ReutersNov 28, 2025 10:27 AM
  • Military cemetery in Lviv near capacity as war grinds on
  • Ukraine under US pressure to accept peace deal
  • Some mourners say they are ready for painful concessions

By Andriy Perun and Dan Peleschuk

- After losing her son to Russia's war in Ukraine, Olya Kachmaryk hopes a new U.S.-backed peace plan can finally end the fighting - even if it could mean giving up land he fought for as a soldier.

"The more they (the Russians) come this way, the more they'll want," said Kachmaryk, 50, visiting his grave in the western city of Lviv as Russia pushed forward on the battlefield hundreds of miles to the east.

Her son Oleksandr is among the more than 1,000 fallen troops buried in a quiet corner of Lychakiv Cemetery, where officials say only a handful of spaces remain as casualties mount from nearly four years of war.

On a recent afternoon, a thick sea of blue-and-yellow Ukrainian flags fluttered in the frigid air as mourners bade farewell to another fighter - one of the last burials as authorities rush to prepare a new cemetery nearby.

SCALE OF LOSS 'REALLY STRIKING'

Ukraine is under pressure from the Trump administration to accept an agreement that could force Kyiv into painful concessions, such as ceding an eastern region it still partly controls, where Russian forces are advancing slowly.

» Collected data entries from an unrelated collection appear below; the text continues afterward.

Lemma precomp_bij_iso_l {A B D : C} (g : Hom A B) (k : Hom B D) (Z : C) :
  is_iso k -> precomp_bij (k \o g) Z <-> precomp_bij g Z.
Proof.
  intros Hk. split; intro Hg.
  - destruct Hk as [k' [Hk'k Hkk']].
    assert (Eg : g = k' \o (k \o g)) by (rewrite comp_assoc, Hk'k; symmetry; apply comp_id_l).
    rewrite Eg. apply precomp_bij_comp; [exact Hg |].
    apply iso_precomp_bij. exists k. split; assumption.
  - apply precomp_bij_comp; [exact Hg | apply iso_precomp_bij, Hk].
Qed.

Lemma precomp_bij_iso_r {A B D : C} (h : Hom A B) (g : Hom B D) (Z : C) :
  is_iso h -> precomp_bij (g \o h) Z <-> precomp_bij g Z.
Proof.
  intros Hh. split; intro Hg.
  - destruct Hh as [h' [Hh'h Hhh']].
    assert (Eg : g = g \o h \o h') by (rewrite <- comp_assoc, Hhh'; symmetry; apply comp_id_r).
    rewrite Eg. apply precomp_bij_comp; [| exact Hg].
    apply iso_precomp_bij. exists h. split; assumption.
  - apply precomp_bij_comp; [apply iso_precomp_bij, Hh | exact Hg].
Qed.

Lemma precomp_bij_square {A B A' B' : C} (g : Hom A B) (g' : Hom A' B')
    (h : Hom A A') (k : Hom B B') (Z : C) :
  is_iso h -> is_iso k -> g' \o h = k \o g ->
  precomp_bij g Z <-> precomp_bij g' Z.
Proof.
  intros Hh Hk Esq.
  rewrite <- (precomp_bij_iso_l g k Z Hk), <- Esq. apply precomp_bij_iso_r, Hh.
Qed.

Lemma iso_postcomp_bij {P Q : C} (u : Hom P Q) :
  is_iso u <-> forall V : C, postcomp_bij u V.
Proof.
  split.
  - intros [u' [Hu'u Huu']] V. split.
    + intros h h' Eh.
      rewrite <- (comp_id_l h), <- (comp_id_l h'), <- Hu'u, <- !comp_assoc, Eh.
      reflexivity.
    + intro k. exists (u' \o k). rewrite comp_assoc, Huu'. apply comp_id_l.
  - intro Hu. destruct (proj2 (Hu Q) (idm Q)) as [u' Huu'].
    exists u'. split; [| exact Huu'].
    apply (proj1 (Hu P)). rewrite comp_assoc, Huu', comp_id_l, comp_id_r.
    reflexivity.
Qed.

Lemma is_product_ext {A B P Z : C} {q1 : Hom P A} {q2 : Hom P B}
    (HP : is_product q1 q2) (h h' : Hom Z P) :
  q1 \o h = q1 \o h' -> q2 \o h = q2 \o h' -> h = h'.
Proof.
  intros E1 E2. destruct (HP Z (q1 \o h) (q2 \o h)) as [x [_ Hx]].
  rewrite <- (Hx h (conj eq_refl eq_refl)), <- (Hx h' (conj (eq_sym E1) (eq_sym E2))).
  reflexivity.
Qed.

Lemma is_product_iso {A B P P' : C} {q1 : Hom P A} {q2 : Hom P B}
    {q1' : Hom P' A} {q2' : Hom P' B}
    (HP : is_product q1 q2) (HP' : is_product q1' q2') (h : Hom P P') :
  q1' \o h = q1 -> q2' \o h = q2 -> is_iso h.
Proof.
  intros E1 E2.
  destruct (HP P' q1' q2') as [h' [[E1' E2'] _]].
  exists h'. split.
  - apply (is_product_ext HP).
    + rewrite comp_assoc, E1', comp_id_r. exact E1.
    + rewrite comp_assoc, E2', comp_id_r. exact E2.
  - apply (is_product_ext HP').
    + rewrite comp_assoc, E1, comp_id_r. exact E1'.
    + rewrite comp_assoc, E2, comp_id_r. exact E2'.
Qed.

End Bijections.

Section Transpose.
Context {C D : Category} {F : Functor C D} {G : Functor D C} (adj : Adjunction F G).

Definition transpose {A : C} {B : D} (phi : Hom A (G B)) : Hom (F A) B :=
  counit adj B \o fmap F phi.

Definition untranspose {A : C} {B : D} (psi : Hom (F A) B) : Hom A (G B) :=
  fmap G psi \o unit adj A.

Lemma transposeK {A : C} {B : D} (phi : Hom A (G B)) :
  untranspose (transpose phi) = phi.
Proof.
  unfold untranspose, transpose.
  rewrite fmap_comp, <- comp_assoc, unit_nat, comp_assoc, triangle_G.
  apply comp_id_l.
Qed.

Lemma untransposeK {A : C} {B : D} (psi : Hom (F A) B) :
  transpose (untranspose psi) = psi.
Proof.
  unfold transpose, untranspose.
  rewrite fmap_comp, comp_assoc, <- counit_nat, <- comp_assoc, triangle_F.
  apply comp_id_r.
Qed.

Lemma untranspose_inj {A : C} {B : D} (psi psi' : Hom (F A) B) :
  untranspose psi = untranspose psi' -> psi = psi'.
Proof.
  intro Epsi. rewrite <- (untransposeK psi), <- (untransposeK psi'), Epsi.
  reflexivity.
Qed.

Lemma untranspose_natl {A A' : C} {B : D} (psi : Hom (F A') B) (k : Hom A A') :
  untranspose (psi \o fmap F k) = untranspose psi \o k.
Proof.
  unfold untranspose. rewrite fmap_comp, <- !comp_assoc, unit_nat. reflexivity.
Qed.

Lemma precomp_bij_adj {A A' : C} (g : Hom A A') (Z : D) :
  precomp_bij g (G Z) <-> precomp_bij (fmap F g) Z.
Proof.
  split; intros [Hinj Hsurj]; split.
  - intros psi psi' Epsi. apply untranspose_inj, Hinj.
    rewrite <- !untranspose_natl, Epsi. reflexivity.
  - intro kappa. destruct (Hsurj (untranspose kappa)) as [phi Ephi].
    exists (transpose phi). apply untranspose_inj.
    rewrite untranspose_natl, transposeK. exact Ephi.
  - intros phi phi' Ephi.
    rewrite <- (transposeK phi), <- (transposeK phi'). f_equal.
    apply Hinj, untranspose_inj. rewrite !untranspose_natl, !transposeK. exact Ephi.
  - intro kappa. destruct (Hsurj (transpose kappa)) as [psi Epsi].
    exists (untranspose psi). rewrite <- untranspose_natl, Epsi. apply transposeK.
Qed.

End Transpose.

Section ToposStructure.
Context {T : Topos}.

Definition to_one (A : T) : Hom A one :=
  proj1_sig (constructive_indefinite_description _ (one_terminal A)).

Lemma to_one_uniq (A : T) (h h' : Hom A one) : h = h'.
Proof.
  destruct (one_terminal A) as [x [_ Hx]].
  rewrite <- (Hx h I), <- (Hx h' I). reflexivity.
Qed.

Definition pairing {A B Z : T} (f : Hom Z A) (g : Hom Z B) : Hom Z (prod A B) :=
  proj1_sig (constructive_indefinite_description _ (prod_is_product f g)).

Lemma pr1_pairing {A B Z : T} (f : Hom Z A) (g : Hom Z B) : pr1 A B \o pairing f g = f.
Proof.
  exact (proj1 (proj1 (proj2_sig
    (constructive_indefinite_description _ (prod_is_product f g))))).
Qed.

Lemma pr2_pairing {A B Z : T} (f : Hom Z A) (g : Hom Z B) : pr2 A B \o pairing f g = g.
Proof.
  exact (proj2 (proj1 (proj2_sig
    (constructive_indefinite_description _ (prod_is_product f g))))).
Qed.
(* Let $A$ be a synaptic algebra and let $p,q\in P$ be in generic position ($p\wedge q=p\wedge q^{\perp}=p^{\perp}\wedge q=p^{\perp}\wedge q^{\perp}=0$). Let $c:=(pqp+p^{\perp}q^{\perp}p^{\perp})^{1/2}$, $s:=(pq^{\perp}p+p^{\perp}qp^{\perp})^{1/2}$, let $u$ be the symmetry of the polar decomposition of $p-q^{\perp}$ (so $p-q^{\perp}=cu=uc$) and $v$ the symmetry of the polar decomposition of $p-q$ (so $p-q=sv=vs$), and put $j:=uvp+pvu$ and $\ell:=2p-1$. Then: (i) $j$ is a symmetry in $A$ exchanging $p$ and $p^{\perp}$, i.e. $jpj=p^{\perp}$; (ii) $j$ commutes with both $s$ and $c$; (iii) $j=pj+jp$; (iv) $\ell=2p-1=p-p^{\perp}=cu+sv$ is a symmetry that commutes with $p$, $c$ and $s$.
   Context: Synaptic algebra (Foulis): $R$ is a real linear associative algebra with unit $1$, and $A\subseteq R$ is a real linear subspace with $1\in A$. For $a,b\in A$ write $aCb$ iff $ab=ba$; $C(a):=\{b\in A: aCb\}$; $CC(a):=\{b\in A: bCd \text{ for all } d\in C(a)\}$. $A$ is a synaptic algebra with enveloping algebra $R$ iff: (SA1) $A$ is a partially ordered archimedean real linear space with positive cone $A^+$, $1$ is an order unit, $\|\cdot\|$ the order-unit norm; (SA2) $a\in A\Rightarrow a^2\in A^+$; (SA3) $a,b\in A^+\Rightarrow aba\in A^+$; (SA4) if $a\in A$, $b\in A^+$, $aba=0$ then $ab=ba=0$; (SA5) if $a\in A^+$ there is $b\in A^+\cap CC(a)$ with $b^2=a$; (SA6) for $a\in A$ there is $p=p^2\in A$ with $ab=0\Leftrightarrow pb=0$ for all $b\in A$; (SA7) if $1\le a$ there is $b\in A$ with $ab=ba=1$; (SA8) if $a,b\in A$, $a_1\le a_2\le\cdots$ are pairwise commuting elements of $C(b)$ with $\|a-a_n\|\to0$, then $a\in C(b)$. $A$ is nondegenerate ($1\neq0$). Products are computed in $R$. $P:=\{p\in A:p=p^2\}$ with inherited order is an orthomodular lattice with $p^{\perp}:=1-p$, meet $\wedge$, join $\vee$. For $0\le a$, $a^{1/2}$ is its unique positive square root in $A$, $|a|:=(a^2)^{1/2}$; $a^{\circ}$ is the carrier of $a$ (the unique projection with $ab=0\Leftrightarrow a^{\circ}b=0$ for all $b\in A$). A symmetry is $u\in A$ with $u^2=1$. For $a\in A$, the signum $t$ of $a$ is the partial symmetry with $t^2=a^{\circ}$, $t\in CC(a)$, $a=|a|t=t|a|$; the symmetry of the polar decomposition of $a$ is $t+(a^{\circ})^{\perp}$, a symmetry in $CC(a)$ with $a=|a|u=u|a|$. A symmetry $w$ exchanges projections $x,y$ iff $wxw=y$. *)

From HB Require Import structures.
From mathcomp Require Import all_boot all_order all_algebra.
From mathcomp Require Import reals.
Set Implicit Arguments.
Unset Strict Implicit.
Unset Printing Implicit Defensive.
Import Order.TTheory GRing.Theory Num.Theory.
Local Open Scope ring_scope.

Section Synaptic.
Variables (K : realType) (R : algType K).
(* [A] : the subspace A of the enveloping algebra R; [pos] : the cone A^+. *)
Variables (A pos : R -> Prop).

Definition sle (a b : R) : Prop := pos (b - a).

Definition commutes (a b : R) : Prop := a * b = b * a.

Definition inC (a b : R) : Prop := A b /\ commutes a b.

Definition inCC (a b : R) : Prop :=
  A b /\ forall d, inC a d -> commutes b d.

(* order-unit norm: ||x|| <= r  iff  -r.1 <= x <= r.1 (||x|| is the infimum of such r >= 0) *)
Definition ounorm_le (x : R) (r : K) : Prop :=
  sle (- (r *: 1)) x /\ sle x (r *: 1).

Definition ounorm_cvg (an : nat -> R) (a : R) : Prop :=
  forall eps : K, 0 < eps -> exists N : nat, forall n, (N <= n)%N ->
    ounorm_le (a - an n) eps.

Record synaptic_algebra : Prop := SynapticAlgebra {
  sa_sub0 : A 0;
  sa_subD : forall a b, A a -> A b -> A (a + b);
  sa_subZ : forall (k : K) a, A a -> A (k *: a);
  sa_sub1 : A 1;
  sa_pos_sub : forall a, pos a -> A a;
  sa_pos0 : pos 0;
  sa_posD : forall a b, pos a -> pos b -> pos (a + b);
  sa_posZ : forall (k : K) a, 0 <= k -> pos a -> pos (k *: a);
  sa_pos_antisym : forall a, pos a -> pos (- a) -> a = 0;
  sa_archimedean : forall a b, A a -> A b ->
    (forall n : nat, sle (a *+ n) b) -> sle a 0;
  sa_order_unit : forall a, A a -> exists n : nat, sle a (1 *+ n);
  sa_sq_pos : forall a, A a -> pos (a * a);
  sa_aba_pos : forall a b, pos a -> pos b -> pos (a * b * a);
  sa_aba0 : forall a b, A a -> pos b -> a * b * a = 0 -> a * b = 0 /\ b * a = 0;
  sa_sqrt : forall a, pos a -> exists b, pos b /\ inCC a b /\ b * b = a;
  sa_carrier : forall a, A a -> exists p, A p /\ p * p = p /\
    (forall b, A b -> (a * b = 0 <-> p * b = 0));
  sa_inv : forall a, sle 1 a -> exists b, A b /\ a * b = 1 /\ b * a = 1;
  sa_cvg_comm : forall (a b : R) (an : nat -> R), A a -> A b ->
    (forall n, inC b (an n)) ->
    (forall n, sle (an n) (an n.+1)) ->
    (forall m n, commutes (an m) (an n)) ->
    ounorm_cvg an a -> inC b a;
  sa_nondeg : (1 : R) != 0
}.

Definition proj (p : R) : Prop := A p /\ p * p = p.

Definition is_meetP (p q m : R) : Prop :=
  proj m /\ sle m p /\ sle m q /\
  forall r, proj r -> sle r p -> sle r q -> sle r m.

Definition generic_position (p q : R) : Prop :=
  is_meetP p q 0 /\ is_meetP p (1 - q) 0 /\
  is_meetP (1 - p) q 0 /\ is_meetP (1 - p) (1 - q) 0.

Definition is_sqrt (a x : R) : Prop := pos x /\ x * x = a.

Definition is_abs (a x : R) : Prop := is_sqrt (a * a) x.

Definition is_carrier (a o : R) : Prop :=
  proj o /\ forall b, A b -> (a * b = 0 <-> o * b = 0).

Definition is_signum (a t : R) : Prop :=
  A t /\ inCC a t /\
  (exists o, is_carrier a o /\ t * t = o) /\
  (exists x, is_abs a x /\ a = x * t /\ a = t * x).

Definition is_polar_symmetry (a u : R) : Prop :=
  exists t o, is_signum a t /\ is_carrier a o /\ u = t + (1 - o).

Definition symmetry (u : R) : Prop := A u /\ u * u = 1.

End Synaptic.

From Stdlib Require Ncring Ncring_tac.
From HB Require Import structures.
From mathcomp Require Import all_boot all_order all_algebra.
From mathcomp Require Import reals.
Import Order.TTheory GRing.Theory Num.Theory.
Local Open Scope ring_scope.
Set Implicit Arguments.
Unset Strict Implicit.

(* Put a := p - q^perp and b := p - q.  Then a^2 = c^2, b^2 = s^2, a^2 + b^2 = 1
   and ab = -ba, so c and s commute with p, q and with each other, and the polar
   decompositions read a = cu = uc, b = sv = vs.  Generic position makes c and s
   injective: the complement of the carrier of c (or s) is a projection commuting
   with p and q that lies under two of the four vanishing meets.  Hence
   cs(uv + vu) = ab + ba = 0 forces uv = -vu.  Then w := uv satisfies w^2 = -1
   and anticommutes with the reflection l := 2p - 1 = a + b, so j = wl is a
   symmetry anticommuting with l; as p = (1 + l)/2 this gives jpj = 1 - p and
   pj + jp = j. *)

(* Stdlib's non-commutative [ring] for MathComp rings; algebra-tactics' [ring]
   needs commutativity. *)
#[global] Instance pzRing_ops (R : pzRingType) :
  @Ncring.Ring_ops R 0 1 +%R *%R (fun x y => x - y) -%R eq := {}.

#[global] Instance pzRing_ring (R : pzRingType) : Ncring.Ring (Ro := pzRing_ops R).
Proof.
constructor.
- by constructor; [move=> ? | move=> ? ? -> | move=> ? ? ? -> ->].
- by move=> ? ? -> ? ? ->.
- by move=> ? ? -> ? ? ->.
- by move=> ? ? -> ? ? ->.
- by move=> ? ? ->.
- exact: add0r.
- exact: addrC.
- exact: addrA.
- exact: mul1r.
- exact: mulr1.
- exact: mulrA.
- exact: mulrDl.
- move=> x y z; exact: mulrDr.
- by [].
- exact: subrr.
Qed.

Ltac ncring := Ncring_tac.non_commutative_ring.

Section Idempotents.
Variables (R : pzRingType) (e f : R).
Hypotheses (ee : e * e = e) (ff : f * f = f).

Let mulr_ee z : z * e * e = z * e. Proof. by rewrite -mulrA ee. Qed.
Let mulr_ff z : z * f * f = z * f. Proof. by rewrite -mulrA ff. Qed.

Local Ltac idempotent_ring :=
  rewrite ?mulr2n; repeat progress rewrite ?mulrDr ?mulrDl ?mulrBr ?mulrBl ?mulNr ?mulrN
    ?opprK ?mulr1 ?mul1r ?mulrA;
  rewrite ?ee ?ff ?mulr_ee ?mulr_ff; ncring.

Lemma idempotent_sandwich_add :
  e * (1 - f) * e + (1 - e) * f * (1 - e) = (e - f) * (e - f).
Proof. idempotent_ring. Qed.

Lemma commr_idempotent_sqr_subl : GRing.comm e ((e - f) * (e - f)).
Proof. rewrite /GRing.comm; idempotent_ring. Qed.

Lemma commr_idempotent_sqr_subr : GRing.comm f ((e - f) * (e - f)).
Proof. rewrite /GRing.comm; idempotent_ring. Qed.

Lemma idempotent_sqr_sub_add :
  (e - (1 - f)) * (e - (1 - f)) + (e - f) * (e - f) = 1.
Proof. idempotent_ring. Qed.

Lemma idempotent_sub_anticomm :
  (e - (1 - f)) * (e - f) = - ((e - f) * (e - (1 - f))).
Proof. idempotent_ring. Qed.

Lemma idempotent_reflection_sqr : (e *+ 2 - 1) * (e *+ 2 - 1) = 1.
Proof. idempotent_ring. Qed.

Lemma commr_reflection : GRing.comm (e *+ 2 - 1) e.
Proof. rewrite /GRing.comm; idempotent_ring. Qed.

End Idempotents.

Section Anticommutation.
Variable R : pzRingType.
Implicit Types x y z : R.

Definition anticomm x y := x * y = - (y * x).

Lemma anticomm_sym x y : anticomm x y -> anticomm y x.
Proof. by rewrite /anticomm => ->; rewrite opprK. Qed.
Lemma colim_eq_addA p q r : colim_eq (padd p (padd q r)) (padd (padd p q) r).
Proof.
pose k1 := cup (tag p) (tag q); pose k := cup k1 (tag r).
pose a := ccomp (cupl k1 (tag r)) (cupl (tag p) (tag q)).
pose b := ccomp (cupl k1 (tag r)) (cupr (tag p) (tag q)).
pose c := cupr k1 (tag r).
have qr : colim_eq (padd q r) (pt (dm b (tagged q) + dm c (tagged r))).
  exact: colim_eq_padd.
apply: colim_eq_trans (colim_eq_add (colim_eq_refl p) qr) _.
apply: colim_eq_trans
  (@colim_eq_padd p (pt (dm b (tagged q) + dm c (tagged r))) _ a (Defs.cid k)) _.
apply: colim_eq_sym.
apply: colim_eq_trans (@colim_eq_padd (padd p q) r _ (cupl k1 (tag r)) c) _.
rewrite /= dmap_id dmapD !dmap_comp addrA; exact: colim_eq_refl.
Qed.

Lemma colim_eq_addC p q : colim_eq (padd p q) (padd q p).
Proof.
apply: colim_eq_trans (colim_eq_padd (cupl (tag p) (tag q)) (cupr (tag p) (tag q))) _.
apply: colim_eq_sym.
apply: colim_eq_trans (colim_eq_padd (cupr (tag p) (tag q)) (cupl (tag p) (tag q))) _.
by rewrite addrC; apply: colim_eq_refl.
Qed.

Lemma colim_eq_add0 p : colim_eq (padd pzero p) p.
Proof. by rewrite {1}/padd /= dmap0 add0r; apply: colim_eq_sym; apply: colim_eq_map. Qed.

Lemma colim_eq_addN p : colim_eq (padd (popp p) p) pzero.
Proof.
apply: colim_eq_trans (@colim_eq_padd (popp p) p _ (Defs.cid _) (Defs.cid _)) _.
rewrite !dmap_id /= addNr.
by case: (filtered_cup (tag p) base_obj) => m [u [v _]]; exists m, u, v; rewrite !dmap0.
Qed.

Lemma colim_eq_scaleA a b p : colim_eq (pscale a (pscale b p)) (pscale (a * b) p).
Proof. by rewrite /pscale /= scalerA; apply: colim_eq_refl. Qed.

Lemma colim_eq_scale1 p : colim_eq (pscale 1 p) p.
Proof. by rewrite /pscale scale1r; case: p => i x; apply: colim_eq_refl. Qed.

Lemma colim_eq_scaleDr a p q :
  colim_eq (pscale a (padd p q)) (padd (pscale a p) (pscale a q)).
Proof. by rewrite /pscale /padd /= scalerDr !dmapZ; apply: colim_eq_refl. Qed.

Lemma colim_eq_scaleDl a b p :
  colim_eq (pscale (a + b) p) (padd (pscale a p) (pscale b p)).
Proof.
apply: colim_eq_sym.
apply: colim_eq_trans
  (@colim_eq_padd (pscale a p) (pscale b p) _ (Defs.cid _) (Defs.cid _)) _.
by rewrite !dmap_id /= -scalerDl; apply: colim_eq_refl.
Qed.

Definition model : lmodType R :=
  quot_lmod colim_eq_refl colim_eq_sym colim_eq_trans colim_eq_add colim_eq_opp
    colim_eq_scale colim_eq_addA colim_eq_addC colim_eq_add0 colim_eq_addN
    colim_eq_scaleA colim_eq_scale1 colim_eq_scaleDr colim_eq_scaleDl.

Local Notation model_clsP := (qclsP colim_eq_refl colim_eq_sym colim_eq_trans).

Definition model_leg (i : C) (x : dobj D i) : model := qcls colim_eq (pt x).

Lemma model_leg_lin i : linear (@model_leg i).
Proof.
move=> c x y; rewrite /model_leg qclsZ qclsD; apply/model_clsP; apply: colim_eq_sym.
apply: colim_eq_trans
  (@colim_eq_padd (pscale c (pt x)) (pt y) _ (Defs.cid i) (Defs.cid i)) _.
by rewrite !dmap_id; apply: colim_eq_refl.
Qed.

Lemma model_leg_comm i j (f : chom i j) (x : dobj D i) : model_leg (dm f x) = model_leg x.
Proof. by apply/model_clsP; apply: colim_eq_sym; apply: colim_eq_map. Qed.

Definition model_cocone : cocone D := Cocone model_leg_lin model_leg_comm.

Section AnyColimit.
Variables (K : cocone D) (Kc : is_colimit K).

Lemma filtered_leg_kernel i (x : dobj D i) :
  leg K x = 0 -> exists j (f : chom i j), dm f x = 0.
Proof.
move=> hx; case: (Kc model_cocone) => [[h [hl hK]] _].
have := hK i x; rewrite hx (lin0 hl) /= /model_leg => /esym.
rewrite (qcls0 (E := colim_eq)) => /model_clsP [k [f [g e]]].
by exists k, f; rewrite e /= dmap0.
Qed.

Lemma filtered_leg_kernel_seq i (s : seq (dobj D i)) :
  (forall z, z \in s -> leg K z = 0) ->
  exists j (f : chom i j), forall z, z \in s -> dm f z = 0.
Proof.
elim: s => [|z s IH] H; first by exists i, (Defs.cid i).
case: IH => [w ws|j [f hf]]; first by apply: H; rewrite inE ws orbT.
have : leg K (dm f z) = 0 by rewrite leg_comm; apply: H; rewrite inE eqxx.
case/filtered_leg_kernel => l [f2 e].
exists l, (ccomp f2 f) => w; rewrite inE => /orP [/eqP ->|ws].
  by rewrite dmap_comp.
by rewrite dmap_comp hf // dmap0.
Qed.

In a sombre address last week, President Volodymyr Zelenskiy warned his country faced its most difficult moment yet, but said he would not betray Ukraine's interests by signing a bad deal.

Oksana Rymaruk, 25, whose husband was killed in June and is buried at Lychakiv, said she was in favour of negotiations to end the war as soon as possible.

"Let them do what it takes for our kids to be able to run around on free land - and to freely visit their fathers' and mothers' graves," she said.

Rymaruk, holding her 1-1/2-year-old child swathed in a puffy white jacket, said the scale of losses on display at Lychakiv was "really striking."

'WHAT DID MY SON DIE FOR?'

Local officials have selected a new location to accommodate future casualties. Earlier this week, workers were clearing the vacant plot circled by tall trees amid the din of excavators.

Despite Ukraine's staggering losses - numbering in the tens of thousands of dead - a narrow majority of Ukrainians still rejects territorial concessions, according to a recent poll by the Kyiv International Institute of Sociology.

On Thursday, Zelenskiy's top aide and chief negotiator Andriy Yermak told the Atlantic magazine that "no one should count on us giving up territory".

Standing with her back to long rows of graves, 68-year-old Antonina Ryshko, who lost her son Marian, 41, said there was "no way" Ukraine should surrender any more land.

"What did my son die for?" she asked.

Dismissing the peace deal currently on the table, Ryshko added: "Let them rewrite it."